National Egg Co-ordination Committee
- Founder: Banda Vasudev Rao
- Established: May 1982
- Chair: Banda Vasudev Rao
- Slogan: "Sunday ho ya Monday Roz khao Ande" (Sunday or Monday but take egg daily)
- Location: ‹See TfM› India
- Website: www.e2necc.com

= National Egg Coordination Committee =

Association of poultry farmers in India

The National Egg Co-ordination Committee (NECC) is a non-governmental public Charitable Trust established by Dr. B.V. Rao in May 1982 for the welfare of poultry farmers in India. The trust has more than 35,000 members. It publishes daily and monthly average egg prices for various production centers. These prices serve as indicative benchmarks but are not legally binding.

==Objectives==
The NECC's role in the Indian egg industry mainly focuses on egg pricing, with stated objectives including:
- Determining egg prices based on a fair return for farmers, a decent margin for middlemen, and a reasonable cost for customers.
- Monitoring, managing, and regulating the stocks from surplus regions to deficit regions.
- Market intervention through Agrocorpex India Limited.
- Having a network of marketers who utilize multi-level marketing to sell the products.
- Promoting egg trade, egg farms, and egg exports.
- Making technology and information available to increase egg production.

==History==
The Indian poultry industry suffered a series of crises in the early 1980s, due to the sale price dropping below production costs.

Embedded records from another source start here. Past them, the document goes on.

(* A graph $G$ is an iso-unique Grundy domination graph if and only if each connected component of $G$ is a complete graph.
   Context: For a graph $G$, $N(v)$ is the open neighborhood and $N[v]=N(v)\cup\{v\}$ the closed neighborhood of $v$. A sequence $(v_1,\ldots,v_k)$ of distinct vertices is a closed neighborhood sequence if $N[v_i]\setminus\bigcup_{j=1}^{i-1}N[v_j]\neq\emptyset$ for each $i\in[k]$. The Grundy domination number $\gamma_{gr}(G)$ is the maximum length of a closed neighborhood sequence; the set of vertices of a closed neighborhood sequence of length $\gamma_{gr}(G)$ is a Grundy dominating set. $G$ is an iso-unique Grundy domination graph if for every two Grundy dominating sets $A,B$ of $G$ there is an automorphism $\phi$ of $G$ with $\phi(A)=B$. *)

From mathcomp Require Import all_boot.
From mathcomp Require Import perm.
Set Implicit Arguments. Unset Strict Implicit. Unset Printing Implicit Defensive.

Definition simple_graph (T : finType) (e : rel T) : Prop :=
  symmetric e /\ irreflexive e.

Definition cnbhd (T : finType) (e : rel T) (v : T) : {set T} :=
  [set u | (u == v) || e v u].

Definition closed_nbhd_seq (T : finType) (e : rel T) (s : seq T) : Prop :=
  uniq s /\
  forall x0 : T, forall i, i < size s ->
    cnbhd e (nth x0 s i) :\: (\bigcup_(j < i) cnbhd e (nth x0 s j)) != set0.

Definition grundy_dominating_set (T : finType) (e : rel T) (A : {set T}) : Prop :=
  exists s : seq T, [/\ closed_nbhd_seq e s, A = [set x in s] &
    forall s' : seq T, closed_nbhd_seq e s' -> size s' <= size s].

Definition graph_automorphism (T : finType) (e : rel T) (phi : {perm T}) : Prop :=
  forall x y, e (phi x) (phi y) = e x y.

Definition iso_unique_grundy (T : finType) (e : rel T) : Prop :=
  forall A B : {set T}, grundy_dominating_set e A -> grundy_dominating_set e B ->
    exists phi : {perm T}, graph_automorphism e phi /\ phi @: A = B.

Definition components_complete (T : finType) (e : rel T) : Prop :=
  forall x y : T, connect e x y -> x != y -> e x y.

From mathcomp Require Import all_boot.
From mathcomp Require Import perm.
Set Implicit Arguments. Unset Strict Implicit. Unset Printing Implicit Defensive.

(* If every component is a clique, then N[v] is the component of v, so a
   closed neighborhood sequence uses each component at most once and a maximum
   one uses each exactly once; any two such transversals are exchanged by a
   permutation fixing every component, which is an automorphism.
   Conversely, suppose x, y are non-adjacent in one component K.  Reorder a
   maximum sequence so that K comes last, and let D be dominated by all but its
   last vertex: every vertex z with N[z] not inside D can replace that last
   vertex.  An edge uw with u outside D and w inside D gives two Grundy
   dominating sets (last vertex u, resp. w) inducing different numbers of
   edges, so there is none; hence K misses D, and ending the sequence with x
   leaves y undominated. *)

Section ClassTransversal.
Variables (T : finType) (r : rel T).
Hypotheses (r_sym : symmetric r) (r_trans : transitive r).

Definition class_transversal (A : {set T}) : Prop :=
  {in A &, forall a b, r a b -> a = b} /\ forall x, exists2 a, a \in A & r x a.

Definition class_rep (A : {set T}) (x : T) : T := odflt x [pick a in A | r x a].

Section ClassRep.
Variable A : {set T}.
Hypothesis trA : class_transversal A.

Lemma class_repP x : class_rep A x \in A /\ r x (class_rep A x).
Proof.
rewrite /class_rep; case: pickP => [a /andP[] //|/= noA].
by have [a aA xa] := trA.2 x; have := noA a; rewrite aA xa.
Qed.

Lemma class_rep_eq x y : r x y -> class_rep A x = class_rep A y.
Proof.
move=> xy; have [Ax xAx] := class_repP x; have [Ay yAy] := class_repP y.
case: trA => uniqA _; apply: uniqA => //.
have Axy : r (class_rep A x) y by apply: r_trans xy; rewrite r_sym.
exact: r_trans Axy yAy.
Qed.

Lemma class_rep_id a : a \in A -> class_rep A a = a.
Proof.
move=> aA; have [Aa aAa] := class_repP a.
by case: trA => uniqA _; apply: uniqA; rewrite // r_sym.
Qed.

End ClassRep.

(* Within each class, swap the representatives of A and B. *)
Lemma class_transversal_perm A B : class_transversal A -> class_transversal B ->
  exists phi : {perm T}, (forall x, r x (phi x)) /\ phi @: A = B.
Proof.
move=> trA trB; pose f x := tperm (class_rep A x) (class_rep B x) x.
have r_f x : r x (f x).
  rewrite /f; case: tpermP => [_|_|_ _]; first exact: (class_repP trB x).2.
    exact: (class_repP trA x).2.
  have [_ xAx] := class_repP trA x; have Ax_x : r (class_rep A x) x by rewrite r_sym.
  exact: r_trans xAx Ax_x.
have f_inj : injective f.
  move=> x y fxy; have xy : r x y by apply: r_trans (r_f x) _; rewrite fxy r_sym.
  by move: fxy; rewrite /f (class_rep_eq trA xy) (class_rep_eq trB xy); apply: perm_inj.
exists (perm f_inj); split=> [x|]; first by rewrite permE.
apply/setP => b; apply/imsetP/idP => [[a aA ->]|bB].
  by rewrite permE /f (class_rep_id trA aA) tpermL; apply: (class_repP trB a).1.
have [Ab bAb] := class_repP trA b; exists (class_rep A b) => //.
rewrite permE /f (class_rep_id trA Ab) tpermL -(class_rep_eq trB bAb).
by rewrite (class_rep_id trB bB).
Qed.

End ClassTransversal.

Section LegalSequences.
Variables (T : finType) (e : rel T).
Local Notation N := (cnbhd e).

Lemma cnbhd_refl x : x \in N x.
Proof. by rewrite inE eqxx. Qed.

Lemma cnbhd_connect y z : z \in N y -> connect e y z.
Proof. by rewrite inE => /predU1P[-> // | /connect1]. Qed.

Definition dominated (s : seq T) : {set T} := \bigcup_(y <- s) N y.

Lemma mem_dominated z s : (z \in dominated s) = has (fun y => z \in N y) s.
Proof.
elim: s => [|y s IHs]; first by rewrite /dominated big_nil inE.
by rewrite /dominated big_cons in_setU -/(dominated s) IHs.
Qed.

Lemma cnbhd_sub_dominated y s : y \in s -> N y \subset dominated s.
Proof. by move=> ys; apply/subsetP => z zNy; rewrite mem_dominated; apply/hasP; exists y. Qed.

Fixpoint legal (D : {set T}) (s : seq T) : bool :=
  if s is x :: s' then ~~ (N x \subset D) && legal (D :|: N x) s' else true.

Lemma legal_nthP x0 D s :
  (forall i, i < size s ->
     N (nth x0 s i) :\: (D :|: \bigcup_(j < i) N (nth x0 s j)) != set0)
  <-> legal D s.
Proof.
elim: s D => [|x s IHs] D /=; first by [].
split=> [new|/andP[xD /IHs news]].
  apply/andP; split; first by have := new 0 isT; rewrite big_ord0 setU0 -setD_eq0.
  by apply/IHs => i lt_i; have := new i.+1 lt_i; rewrite big_ord_recl setUA.
case=> [|i] /= lt_i; first by rewrite big_ord0 setU0 setD_eq0.
by rewrite big_ord_recl setUA; apply: news.
Qed.

Lemma legal_cnbhd_not_sub D s y : legal D s -> y \in s -> ~~ (N y \subset D).
Proof.
elim: s D => [|x s IHs] D //= /andP[xD legal_s]; rewrite inE => /predU1P[-> //|ys].
by apply: contra (IHs _ legal_s ys) => /subset_trans; apply; apply: subsetUl.
Qed.

Lemma legal_cnbhd_inj D s : legal D s -> {in s &, injective N}.
Proof.
elim: s D => [|z s IHs] D //= /andP[_ legal_s] x y.
rewrite !inE => /predU1P[->|xs] /predU1P[->|ys] // Nxy.
- by have := legal_cnbhd_not_sub legal_s ys; rewrite -Nxy subsetUr.
- by have := legal_cnbhd_not_sub legal_s xs; rewrite Nxy subsetUr.
- exact: IHs legal_s x y xs ys Nxy.
Qed.

Lemma legal_uniq D s : legal D s -> uniq s.
Proof.
elim: s D => [|x s IHs] D //= /andP[_ legal_s]; rewrite (IHs _ legal_s) andbT.
by apply/negP => /(legal_cnbhd_not_sub legal_s); rewrite subsetUr.
Qed.

Lemma closed_nbhd_seq_legal s : closed_nbhd_seq e s <-> legal set0 s.
Proof.
split=> [[_]|legal_s].
  by case: s => [|x s] // new; apply/(legal_nthP x) => i; rewrite set0U; apply: new.
split=> [|x0 i]; first exact: legal_uniq legal_s.
by rewrite -[\bigcup_(j < i) _]set0U; move: i; apply/(legal_nthP x0).
Qed.

Lemma legal_cat D s1 s2 : legal D (s1 ++ s2) = legal D s1 && legal (D :|: dominated s1) s2.
Proof.
elim: s1 D => [|x s IHs] D /=; first by rewrite /dominated big_nil setU0.
by rewrite IHs /dominated big_cons setUA andbA.
Qed.

Lemma legal_rcons D s z :
  legal D (rcons s z) = legal D s && ~~ (N z \subset D :|: dominated s).
Proof. by rewrite -cats1 legal_cat /= andbT. Qed.

Lemma legal_setU_disjoint (D X : {set T}) s :
  (forall y z, y \in s -> z \in N y -> z \notin X) -> legal (D :|: X) s = legal D s.
Proof.
elim: s D => [|y s IHs] D //= NsX.
rewrite -setUA [X :|: _]setUC setUA IHs => [|x z xs]; last exact/NsX/mem_behead.
congr (~~ _ && _); apply/idP/idP => [NyDX|]; last by move/subset_trans; apply; apply: subsetUl.
apply/subsetP => z zNy; have := subsetP NyDX z zNy; rewrite in_setU => /orP[// | zX].
by have := NsX y z (mem_head _ _) zNy; rewrite zX.
Qed.

Definition grundy_seq (s : seq T) : Prop :=
  legal set0 s /\ forall s', legal set0 s' -> size s' <= size s.

Lemma grundy_dominating_setP A :
  grundy_dominating_set e A <-> exists2 s, grundy_seq s & A = [set x in s].
Proof.
split=> [[s [/closed_nbhd_seq_legal legal_s -> max_s]]|[s [legal_s max_s] ->]].
  by exists s => //; split=> // s' /closed_nbhd_seq_legal; apply: max_s.
exists s; split=> //; first exact/closed_nbhd_seq_legal.
by move=> s' /closed_nbhd_seq_legal; apply: max_s.
Qed.

Lemma exists_grundy_seq : exists s, grundy_seq s.
Proof.
pose P n := [exists t : n.-tuple T, legal set0 t].
have P0 : P 0 by apply/existsP; exists [tuple].
have P_bound n : P n -> n <= #|T|.
  move=> /existsP[t /legal_uniq uniq_t].
  by rewrite -(size_tuple t) -(card_uniqP uniq_t) max_card.
have [m /existsP[t legal_t] max_m] := ex_maxnP (ex_intro _ 0 P0) P_bound.
exists t; split=> // s' legal_s'; rewrite size_tuple; apply: max_m.
by apply/existsP; exists (in_tuple s').
Qed.

Lemma grundy_seq_dominated s z : grundy_seq s -> z \in dominated s.
Proof.
move=> [legal_s max_s]; apply: contraT => zs.
have : legal set0 (rcons s z).
  by rewrite legal_rcons legal_s set0U; apply: contra zs => /subsetP; apply; apply: cnbhd_refl.
by move/max_s; rewrite size_rcons ltnn.
Qed.

Lemma grundy_seq_rcons t v z :
  grundy_seq (rcons t v) -> ~~ (N z \subset dominated t) -> grundy_seq (rcons t z).
Proof.
move=> [legal_tv max_tv] Nz; split=> [|s' /max_tv]; last by rewrite !size_rcons.
by move: legal_tv; rewrite !legal_rcons set0U Nz => /andP[-> _].
Qed.

End LegalSequences.

Section ComponentsLast.
Variables (T : finType) (e : rel T).
Local Notation N := (cnbhd e).

Lemma closed_cnbhd (C : pred T) y z : closed e C -> z \in N y -> C z = C y.
Proof. by move=> clC; rewrite inE => /predU1P[-> // | /clC]. Qed.

Lemma cnbhd_meet_closed (C : pred T) x y z : closed e C ->
  z \in N x -> z \in N y -> C x = C y.
Proof. by move=> clC zNx zNy; rewrite -(closed_cnbhd clC zNx) (closed_cnbhd clC zNy). Qed.

Lemma legal_filter_split (C : pred T) D s : closed e C ->
  legal e D s = legal e D (filter C s) && legal e D (filter (predC C) s).
Proof.
move=> clC; elim: s D => [|x s IHs] D //=.
have apart y z : C y != C x -> z \in N y -> z \notin N x.
  by move=> yx zNy; apply: contra yx => zNx; apply/eqP; apply: cnbhd_meet_closed clC zNy zNx.
case: ifPn => xC /=; rewrite IHs.
  rewrite [legal _ _ (filter (predC C) _)]legal_setU_disjoint ?andbA // => y z.
  by rewrite mem_filter => /andP[yC _]; apply: apart; rewrite xC (negPf yC).
rewrite [legal _ _ (filter C _)]legal_setU_disjoint 1?andbCA // => y z.
by rewrite mem_filter => /andP[yC _]; apply: apart; rewrite yC (negPf xC).
Qed.

Lemma exists_grundy_seq_last (C : pred T) x : closed e C -> C x ->
  exists t v, grundy_seq e (rcons t v) /\ C v.
Proof.
move=> clC xC; have [s [legal_s max_s]] := exists_grundy_seq e.
have legal_OC : legal e set0 (filter (predC C) s ++ filter C s).
  move: legal_s; rewrite (legal_filter_split _ _ clC) legal_cat andbC.
  rewrite -[_ :|: dominated _ _]set0U legal_setU_disjoint // => y z.
  rewrite mem_filter set0U mem_dominated => /andP[yC _] zNy; apply/hasP => -[y'].
  rewrite mem_filter => /andP[y'C _] zNy'; have := cnbhd_meet_closed clC zNy zNy'.
  by rewrite yC (negPf y'C).
have size_OC : size (filter (predC C) s ++ filter C s) = size s.
  by rewrite size_cat !size_filter addnC count_predC.
have [t [v sC]] : exists t v, filter C s = rcons t v.
  have := grundy_seq_dominated x (conj legal_s max_s); rewrite mem_dominated.
  case/hasP => y ys /(closed_cnbhd clC); rewrite xC => /esym yC.
  have : y \in filter C s by rewrite mem_filter yC ys.
  by case/lastP: (filter C s) => // t v _; exists t, v.
exists (filter (predC C) s ++ t), v; split.
  by rewrite rcons_cat -sC; split=> // s' /max_s; rewrite size_OC.
have : v \in filter C s by rewrite sC mem_rcons mem_head.
by rewrite mem_filter => /andP[].
Qed.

Many poultry farmers shut down operations due to heavy financial losses. A group of farmers traveled across the country organizing over 300 meetings with groups, individuals, and traders with the objective of uniting poultry farmers from all over India. In May 1982, the NECC was formally registered as a trust under the Indian Societies Registration Act and, on 14 May 1982, the NECC started setting egg prices.